President Trump said in a tweet on Monday that he is “looking for a new outlet” after Fox News host Neil Cavuto slammed his announcement that he’s taking hydroxychloroquine and advised viewers not to use it.
President Trump tweeted on Monday night saying that Fox News is not the same. “We miss the great Roger Ailes. You have more anti-Trump people, by far, than ever before. Looking for a new outlet!” Trump wrote.
On Sunday Fox News host Neil Cavuto said he was surprised by the president’s touting of the drug hydroxychloroquine and warned his viewers against using the drug.
Cavuto mentioned a recent study by the Department of Veterans Affairs and academic researchers, which said that hydroxychloroquine had no benefit on coronavirus patients and was also linked to higher death rates for VA patients hospitalized with the disease, Business Insider previously reported.
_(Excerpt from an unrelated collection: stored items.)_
Lemma piecewise_continuous_op (op : R -> R -> R) (f g : R -> R) :
  (forall (u v : R -> R) (z : R), continuous u z -> continuous v z ->
     continuous (fun t => op (u t) (v t)) z) ->
  piecewise_continuous f -> piecewise_continuous g ->
  piecewise_continuous (fun x => op (f x) (g x)).
Proof.
  intros Cop Hf Hg a b Hab Hi.
  destruct (Hf a b Hab Hi) as [f1 [C1 E1]], (Hg a b Hab Hi) as [g1 [C2 E2]].
  exists (fun x => op (f1 x) (g1 x)). split; [auto|]. intros x Hx. now rewrite E1, E2.
Qed.

Lemma piecewise_continuous_plus (f g : R -> R) :
  piecewise_continuous f -> piecewise_continuous g ->
  piecewise_continuous (fun x => f x + g x).
Proof. apply piecewise_continuous_op. intros; now apply continuous_Rplus. Qed.

Lemma piecewise_continuous_minus (f g : R -> R) :
  piecewise_continuous f -> piecewise_continuous g ->
  piecewise_continuous (fun x => f x - g x).
Proof. apply piecewise_continuous_op. intros; now apply continuous_Rminus. Qed.

Lemma piecewise_continuous_mult (f g : R -> R) :
  piecewise_continuous f -> piecewise_continuous g ->
  piecewise_continuous (fun x => f x * g x).
Proof. apply piecewise_continuous_op. intros; now apply continuous_Rmult. Qed.

Lemma piecewise_continuous_affine (f : R -> R) (u : R) (z : Z) :
  (u = 1 \/ u = -1) -> piecewise_continuous f ->
  piecewise_continuous (fun x => f (u * x + IZR z)).
Proof.
  intros Hu H a b Hab Hi.
  destruct (H (Rmin (u * a + IZR z) (u * b + IZR z)) (Rmax (u * a + IZR z) (u * b + IZR z)))
    as [g [C E]].
  - destruct Hu as [-> | ->];
      [rewrite Rmin_left, Rmax_right | rewrite Rmin_right, Rmax_left]; lra.
  - intros w Hw. destruct Hu as [-> | ->].
    + rewrite Rmin_left, Rmax_right in Hw by lra.
      apply (Hi (w - z)%Z). rewrite minus_IZR. lra.
    + rewrite Rmin_right, Rmax_left in Hw by lra.
      apply (Hi (z - w)%Z). rewrite minus_IZR. lra.
  - exists (fun x => g (u * x + IZR z)). split; [intros; now apply continuous_affine|].
    intros x Hx. apply E. destruct Hu as [-> | ->];
      [rewrite Rmin_left, Rmax_right | rewrite Rmin_right, Rmax_left]; lra.
Qed.

Lemma piecewise_continuous_shift (f : R -> R) (z : Z) :
  piecewise_continuous f -> piecewise_continuous (fun x => f (x + IZR z)).
Proof.
  intros H. apply (piecewise_continuous_ext (fun x => f (1 * x + IZR z))).
  - intros; now rewrite Rmult_1_l.
  - apply piecewise_continuous_affine; auto.
Qed.

Lemma piecewise_continuous_reflect (f : R -> R) (z : Z) :
  piecewise_continuous f -> piecewise_continuous (fun x => f (IZR z - x)).
Proof.
  intros H. apply (piecewise_continuous_ext (fun x => f (-1 * x + IZR z))).
  - intros; f_equal; ring.
  - apply piecewise_continuous_affine; auto.
Qed.

Lemma piecewise_continuous_cardB (p : nat) : piecewise_continuous (cardB p).
Proof.
  destruct p as [|p]; [|apply piecewise_continuous_of_continuous, cardB_continuous].
  intros a b Hab Hi. exists (fun _ => cardB 0 ((a + b) / 2)). split; [intros; apply continuous_const|].
  intros x Hx. pose proof (Hi 0%Z) as H0. pose proof (Hi 1%Z) as H1. simpl in H0, H1.
  rewrite !cardB_O.
  destruct (Rle_dec 0 x), (Rle_dec 0 ((a + b) / 2)), (Rlt_dec x 1), (Rlt_dec ((a + b) / 2) 1);
    try reflexivity; exfalso; (apply H0 + apply H1); lra.
Qed.

Lemma integer_split_ind (P : R -> R -> Prop) :
  (forall a b c, a <= b -> b <= c -> P a b -> P b c -> P a c) ->
  (forall a b, a < b -> integer_free a b -> P a b) ->
  (forall a, P a a) ->
  forall a b, a <= b -> P a b.
Proof.
  intros Htrans Hfree Hrefl.
  assert (Hup : forall a (z : Z), a < IZR z -> IZR (up a) <= IZR z).
  { intros a z Hz. destruct (archimed a) as [H1 H2]. apply IZR_le.
    destruct (Z_lt_le_dec z (up a)) as [L|L]; [|exact L].
    assert (IZR z <= IZR (up a) - 1) by (rewrite <- minus_IZR; apply IZR_le; lia). lra. }
  assert (Short : forall a b, a <= b <= a + 1 -> P a b).
  { intros a b [H1 H2]. destruct (Req_dec a b) as [<-|E]; [apply Hrefl|].
    destruct (archimed a) as [A1 A2].
    destruct (Rlt_dec (IZR (up a)) b) as [L|L].
    - apply (Htrans a (IZR (up a)) b); try lra; apply Hfree; try lra; intros z Hz.
      + pose proof (Hup a z (proj1 Hz)). lra.
      + assert (IZR (up a) + 1 <= IZR z); [|lra].
        rewrite <- plus_IZR. apply IZR_le. apply Zlt_le_succ, lt_IZR. lra.
    - apply Hfree; [lra|]. intros z Hz. pose proof (Hup a z (proj1 Hz)). lra. }
  assert (Long : forall N a b, a <= b <= a + INR N + 1 -> P a b).
  { induction N as [|N IH]; intros a b Hb; [apply Short; simpl in Hb; lra|].
    rewrite S_INR in Hb. destruct (Rle_dec b (a + 1)); [apply Short; lra|].
    apply (Htrans a (a + 1) b); try lra; [apply Short | apply IH]; lra. }
  intros a b Hab. destruct (INR_unbounded (b - a)) as [N HN]. apply (Long N). lra.
Qed.
Lemma size_meanders f n j : (n <= f)%N -> size (meanders f n j) = meander_count n j.
Proof.
move=> le_nf; apply/perm_size/uniq_perm; rewrite ?uniq_meanders // => w.
by rewrite !mem_meanders.
Qed.

Lemma meander_countS n j :
  meander_count n.+1 j =
  \sum_(s <- ss) if (xlen_step s <= n.+1)%N then
    if step_height j s is Some j' then meander_count (n.+1 - xlen_step s) j' else 0
    else 0.
Proof.
rewrite /meander_count /= size_allpairs_dep sumnE big_map; apply: eq_bigr => s _.
case: leqP => // le_sn; case: step_height => // j'.
by rewrite size_meanders // subSn_xlen_step.
Qed.

Hypothesis ss_flip : forall s, (flip s \in ss) = (s \in ss).

Lemma all_mirror p : all (mem ss) (mirror p) = all (mem ss) p.
Proof. by rewrite /mirror all_map all_rev; apply: eq_all => s; apply: ss_flip. Qed.

Lemma symmetric_path_half n p : is_path ss n p -> Defs.symmetric n p ->
  exists2 w, meander n 0 w & p = symmetrize w.
Proof.
move=> /andP[/andP[all_p /eqP xlen_p] nonneg_p] /andP[/hasP[i _ /eqP xlen_w] /eqP mirror_p].
set w := take i p in xlen_w; set v := drop i p.
have p_wv : p = w ++ v by rewrite cat_take_drop.
have xlen_v : xlen v = n.
  by apply/eqP; rewrite -(eqn_add2l (xlen w)) -xlen_cat -p_wv xlen_p xlen_w addnn.
have v_w : v = mirror w.
  rewrite -[v]mirrorK; congr mirror; apply: (@eq_xlen_cat _ (mirror w) _ v).
    by rewrite -mirror_cat -p_wv [mirror p]mirror_p.
  by rewrite xlen_mirror xlen_v xlen_w.
exists w; last by rewrite p_wv v_w.
move: all_p nonneg_p; rewrite p_wv all_cat nonneg_ends0E final_height_cat.
by rewrite /meander xlen_w eqxx => /andP[-> _]; case: final_height.
Qed.

Lemma symmetrize_path n w : meander n 0 w ->
  is_path ss n (symmetrize w) && Defs.symmetric n (symmetrize w).
Proof.
move=> /andP[/andP[all_w /eqP xlen_w] end_w].
rewrite /is_path /Defs.symmetric /symmetrize all_cat all_mirror all_w xlen_cat xlen_mirror.
rewrite xlen_w addnn eqxx nonneg_ends0E final_height_cat -/(mirror _) mirror_cat mirrorK.
rewrite eqxx !andbT.
apply/andP; split.
  by case E: final_height end_w => [k|] //= _; rewrite (final_height_mirror _ _ _ E).
apply/hasP; exists (size w); last by rewrite take_size_cat ?xlen_w.
by rewrite mem_iota add0n ltnS size_cat leq_addr.
Qed.

Lemma count_symmetric_paths n :
  count (fun p => is_path ss n p && Defs.symmetric n p) (words_upto n.*2) = meander_count n 0.
Proof.
rewrite -size_filter /meander_count -[RHS](size_map symmetrize).
apply/perm_size/uniq_perm; rewrite ?filter_uniq ?uniq_words_upto //.
  by rewrite (map_inj_uniq symmetrize_inj) uniq_meanders.
move=> p; rewrite mem_filter; apply/andP/mapP => [[/andP[path_p sym_p] _]|[w]].
  by have [w m_w ->] := symmetric_path_half _ _ path_p sym_p; exists w; rewrite ?mem_meanders.
rewrite mem_meanders // => /symmetrize_path /andP[path_p sym_p] ->.
rewrite path_p sym_p mem_words_upto; split=> //.
by case/andP: path_p => /andP[_ /eqP <-] _; apply: size_le_xlen.
Qed.

End Meanders.

Local Open Scope ring_scope.

Lemma size_sqrt_list a n : size (sqrt_list a n) = n.+1.
Proof. by elim: n => //= n IH; rewrite size_rcons IH. Qed.

Lemma nth_sqrt_list a i n : (i <= n)%N -> (sqrt_list a n)`_i = fps_sqrt a i.
Proof.
elim: n => [|n IH]; first by rewrite leqn0 => /eqP ->.
rewrite leq_eqVlt => /predU1P[-> //|lt_in].
by rewrite /= nth_rcons size_sqrt_list lt_in IH.
Qed.

Lemma fps_sqrtS a n : fps_sqrt a n.+1 =
  (a n.+1 - \sum_(1 <= i < n.+1) fps_sqrt a i * fps_sqrt a (n.+1 - i)%N) / 2%:R.
Proof.
rewrite {1}/fps_sqrt /= nth_rcons size_sqrt_list ltnn eqxx.
congr ((_ - _) / _); apply: eq_big_nat => -[//|i] /andP[_ lt_in].
by rewrite !nth_sqrt_list // subSS leq_subr.
Qed.

Lemma fps_sqrt_sqr a : a 0%N = 1 -> fps_mul (fps_sqrt a) (fps_sqrt a) =1 a.
Proof.
move=> a0 [|n]; first by rewrite /fps_mul big_ord1 mulr1 a0.
rewrite /fps_mul big_ord_recl big_ord_recr /= subn0 subnn.
rewrite fps_sqrtS big_add1 big_mkord.
under eq_bigr do rewrite /bump /= subSS.
have -> : fps_sqrt a 0 = 1 by [].
by field.
Qed.

Definition trunc (N : nat) (a : fps) : {poly rat} := \poly_(i < N) a i.

Lemma coef_trunc N a i : (i < N)%N -> (trunc N a)`_i = a i.
Proof. by rewrite coef_poly => ->. Qed.

Lemma coefM_eq_lt N (p p' q q' : {poly rat}) :
  (forall i, (i < N)%N -> p`_i = p'`_i) -> (forall i, (i < N)%N -> q`_i = q'`_i) ->
  forall i, (i < N)%N -> (p * q)`_i = (p' * q')`_i.
Proof.
move=> pp' qq' i lt_iN; rewrite !coefM; apply: eq_bigr => j _.
by rewrite pp' ?qq' // (leq_ltn_trans _ lt_iN) ?leq_subr // -ltnS.
Qed.

Lemma coef_fps_mul N a b i : (i < N)%N -> fps_mul a b i = (trunc N a * trunc N b)`_i.
Proof.
move=> lt_iN; rewrite coefM; apply: eq_bigr => j _.
by rewrite !coef_trunc // (leq_ltn_trans _ lt_iN) ?leq_subr // -ltnS.
Qed.

Lemma coef_fps_pow N a k i : (i < N)%N -> fps_pow a k i = (trunc N a ^+ k)`_i.
Proof.
elim: k i => [|k IH] i lt_iN; first by rewrite expr0 coef1; case: i {lt_iN}.
rewrite exprS /= (coef_fps_mul N) //; apply: coefM_eq_lt lt_iN => // j lt_jN.
by rewrite coef_trunc // IH.
Qed.

Lemma trunc_F_fixpoint N i : (i < N)%N ->
  (trunc N F_)`_i = ('X * (1 + trunc N F_ - trunc N F_ ^+ 2))`_i.
Proof.
set f := trunc N F_; set p : {poly rat} := 1 - 'X *+ 2 + 'X^2 *+ 5.
(* q = 1 - x + 2xF agrees with sqrt p, and q^2 - p = 4x (F - x (1 + F - F^2)). *)
set q : {poly rat} := 1 + 'X * (f *+ 2 - 1).
have q_sqrt j : (j < N.+1)%N -> q`_j = (trunc N.+1 (fps_sqrt P_))`_j.
  move=> lt_jN; rewrite coef_trunc // coefD coef1 coefXM.
  case: j lt_jN => [|j] //= lt_jN.
  rewrite coefB coefMn coef1 coef_trunc // /F_ add0r.
  by case: j {lt_jN} => [|j] /=; field.
have qq_p j : (j < N.+1)%N -> (q * q)`_j = p`_j.
  move=> lt_jN; rewrite (@coefM_eq_lt _ _ _ _ _ q_sqrt q_sqrt) // -coef_fps_mul //.
  rewrite fps_sqrt_sqr //.
  by rewrite /p !coefD coefN !coefMn coef1 coefX coefXn; case: j {lt_jN} => [|[|[|j]]].
have qq_pE : q * q - p = ('X * (f - 'X * (1 + f - f ^+ 2))) *+ 4 by rewrite /q /p; ring.
move=> lt_iN; apply/eqP; rewrite -subr_eq0 -coefB.
have := congr1 (fun r : {poly rat} => r`_i.+1) qq_pE.
by rewrite /= coefB !qq_p // subrr coefMn coefXM => /esym/eqP; rewrite mulrn_eq0.
Qed.

Lemma coef_expr_eq0 (R : comNzRingType) (p : {poly R}) k i :
  p`_0 = 0 -> (i < k)%N -> (p ^+ k)`_i = 0.
Proof.
move=> p0; elim: k i => [//|k IH] i lt_ik; rewrite exprS coefM big1 // => -[[|j] lt_ji] _.
  by rewrite p0 mul0r.
rewrite IH ?mulr0 //= -subSS ltn_subLR // !addSn !ltnS.
by rewrite (leq_trans _ (leq_addl j k)) // -ltnS.
Qed.

Lemma t_coef N n k : (n.+1 < N)%N -> t_ n k = (trunc N F_ ^+ k.+1)`_n.+1.
Proof. exact: coef_fps_pow. Qed.

Lemma t00 : t_ 0 0 = 1.
Proof.
rewrite (t_coef 2) // expr1 trunc_F_fixpoint // coefXM /= coefB coefD coef1 expr2 coef0M.
by rewrite trunc_F_fixpoint // coefXM mul0r !subr0.
Qed.

Lemma t_small n k : (n < k)%N -> t_ n k = 0.
Proof.
move=> lt_nk; rewrite (t_coef n.+2) // coef_expr_eq0 //.
by rewrite trunc_F_fixpoint // coefXM.
Qed.

(* Compare the coefficients of x^(n+2) in F^(k+1) = x (F^k + F^(k+1) - F^(k+2)). *)
Lemma tS n k :
  t_ n.+1 k = (if k is k'.+1 then t_ n k' else 0) + t_ n k - t_ n k.+1.
Proof.
rewrite !(t_coef n.+3) //; set f := trunc n.+3 F_.
rewrite [in LHS]exprS (@coefM_eq_lt n.+3 _ _ _ (f ^+ k) (trunc_F_fixpoint _)) //.
have -> : 'X * (1 + f - f ^+ 2) * f ^+ k = 'X * (f ^+ k + f ^+ k.+1 - f ^+ k.+2).
  by rewrite !exprS; move: (f ^+ k) => g; ring.
rewrite coefXM /= coefB coefD; case: k => [|k]; first by rewrite expr0 coef1.
by rewrite (t_coef n.+3).
Qed.

Lemma sum_tS n (c : nat -> rat) :
  \sum_(0 <= k < n.+2) t_ n.+1 k * c k =
  \sum_(0 <= k < n.+1) t_ n k * (c k.+1 + c k - (if k is k'.+1 then c k' else 0)).
Proof.
have shift_down : \sum_(0 <= k < n.+2) (if k is k'.+1 then t_ n k' else 0) * c k =
                  \sum_(0 <= k < n.+1) t_ n k * c k.+1.
  by rewrite big_nat_recl // mul0r add0r.
have drop_last : \sum_(0 <= k < n.+2) t_ n k * c k = \sum_(0 <= k < n.+1) t_ n k * c k.
  by rewrite big_nat_recr //= t_small // mul0r addr0.
have shift_up : \sum_(0 <= k < n.+2) t_ n k.+1 * c k =
                \sum_(0 <= k < n.+1) t_ n k * (if k is k'.+1 then c k' else 0).
  rewrite [RHS]big_nat_recl // mulr0 add0r.
  by rewrite !big_nat_recr //= !t_small // !mul0r !addr0.
under eq_bigr do rewrite tS mulrBl mulrDl.
rewrite sumrB big_split /= shift_down drop_last shift_up -big_split -sumrB /=.
by apply: eq_bigr => k _; rewrite mulrBr mulrDr.
Qed.

Section Transfer.

Variables a b : nat -> nat -> rat.
Hypothesis a0 : forall j, a 0%N j = 1.
Hypothesis aS : forall n j,
  a n.+1 j = a n j.+1 + (if j is j'.+1 then a n j' else 0) + a n j.
Hypothesis b0 : forall j, b 0%N j = 1.
Hypothesis bS : forall k j,
  b k.+1 j = b k j.+1 + (if j is j'.+1 then b k j' else 0) +
             (if k is k'.+1 then b k' j else 0).

Lemma t_transfer n j : a n j = \sum_(0 <= k < n.+1) t_ n k * b k j.
Proof.
elim: n j => [|n IH] j; first by rewrite big_nat1 t00 a0 b0 mul1r.
have a_prev : (if j is j'.+1 then a n j' else 0) =
              \sum_(0 <= k < n.+1) t_ n k * (if j is j'.+1 then b k j' else 0).
  by case: j => [|j]; [rewrite big1 // => k _; rewrite mulr0 | apply: IH].
rewrite sum_tS aS a_prev !IH -!big_split; apply: eq_bigr => k _ /=.
by rewrite bS -!mulrDr [in RHS]addrAC addrK.
Qed.

End Transfer.

Lemma m_meander_count n : m_ n = meander_count [:: U; D; Hh] n 0.
Proof. by rewrite /m_ count_symmetric_paths // => -[]. Qed.

Lemma s_meander_count n : s_ n = meander_count [:: U; D; HH] n 0.
Proof. by rewrite /s_ count_symmetric_paths // => -[]. Qed.

Lemma motzkin_meander_countS n j :
  let c := meander_count [:: U; D; Hh] in
  c n.+1 j = (c n j.+1 + (if j is j'.+1 then c n j' else 0) + c n j)%N.
Proof. by rewrite /= meander_countS // !big_cons big_nil /= subn1 addn0 addnA; case: j. Qed.

Lemma schroder_meander_countS k j :
  let c := meander_count [:: U; D; HH] in
  c k.+1 j = (c k j.+1 + (if j is j'.+1 then c k j' else 0) +
              (if k is k'.+1 then c k' j else 0))%N.
Proof.
rewrite /= meander_countS // !big_cons big_nil /= subn1 addn0 addnA.
by case: j => [|j]; case: k => [|k]; rewrite ?subSS ?subn0.
Qed.

Theorem theorem3p6 (n : nat) :
  (m_ n)%:R = \sum_(0 <= k < n.+1) t_ n k * (s_ k)%:R :> rat.
Proof.
rewrite m_meander_count; under eq_bigr do rewrite s_meander_count.
apply: (@t_transfer (fun n j => (meander_count [:: U; D; Hh] n j)%:R)
                    (fun k j => (meander_count [:: U; D; HH] k j)%:R)) => // [m j|k j].
  by rewrite motzkin_meander_countS !natrD; case: j.
by rewrite schroder_meander_countS !natrD; case: j; case: k.
Qed.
“It was a test on patients there, and those who took it in a vulnerable population, including those with respiratory or other conditions, they died,” Cavuto said. “I want to stress again: They died. If you are in a risky population here, and you are taking this as a preventative treatment to ward off the virus or in a worst-case scenario you are dealing with the virus, and you are in this vulnerable population, it will kill you. I cannot stress enough: This will kill you.”
Dr. Manny Alvarez, senior managing editor of Fox News’ health news, said on Fox News that President Trump’s announcement was “highly irresponsible.”
“I would like the White House physician to come out tomorrow and explain to me what has changed in a week and a half or two weeks for the president to take this medication when all the data that has been coming out very repetitively has shown that there’s really not a major benefit,” Alvarez said.
In a memo, the White House physician said he discussed the benefits and health risks of hydroxychloroquine with President Trump, and they “concluded the potential benefit from treatment outweighed the relative risks.”
The Food and Drug Administration has allowed for the emergency use of the drug for COVID-19 patients in a hospital setting, but growing studies show that the drug may not be effective. Additionally, the FDA has warned against using hydroxychloroquine, “outside of the hospital setting or a clinical trial due to risk of heart rhythm problems.”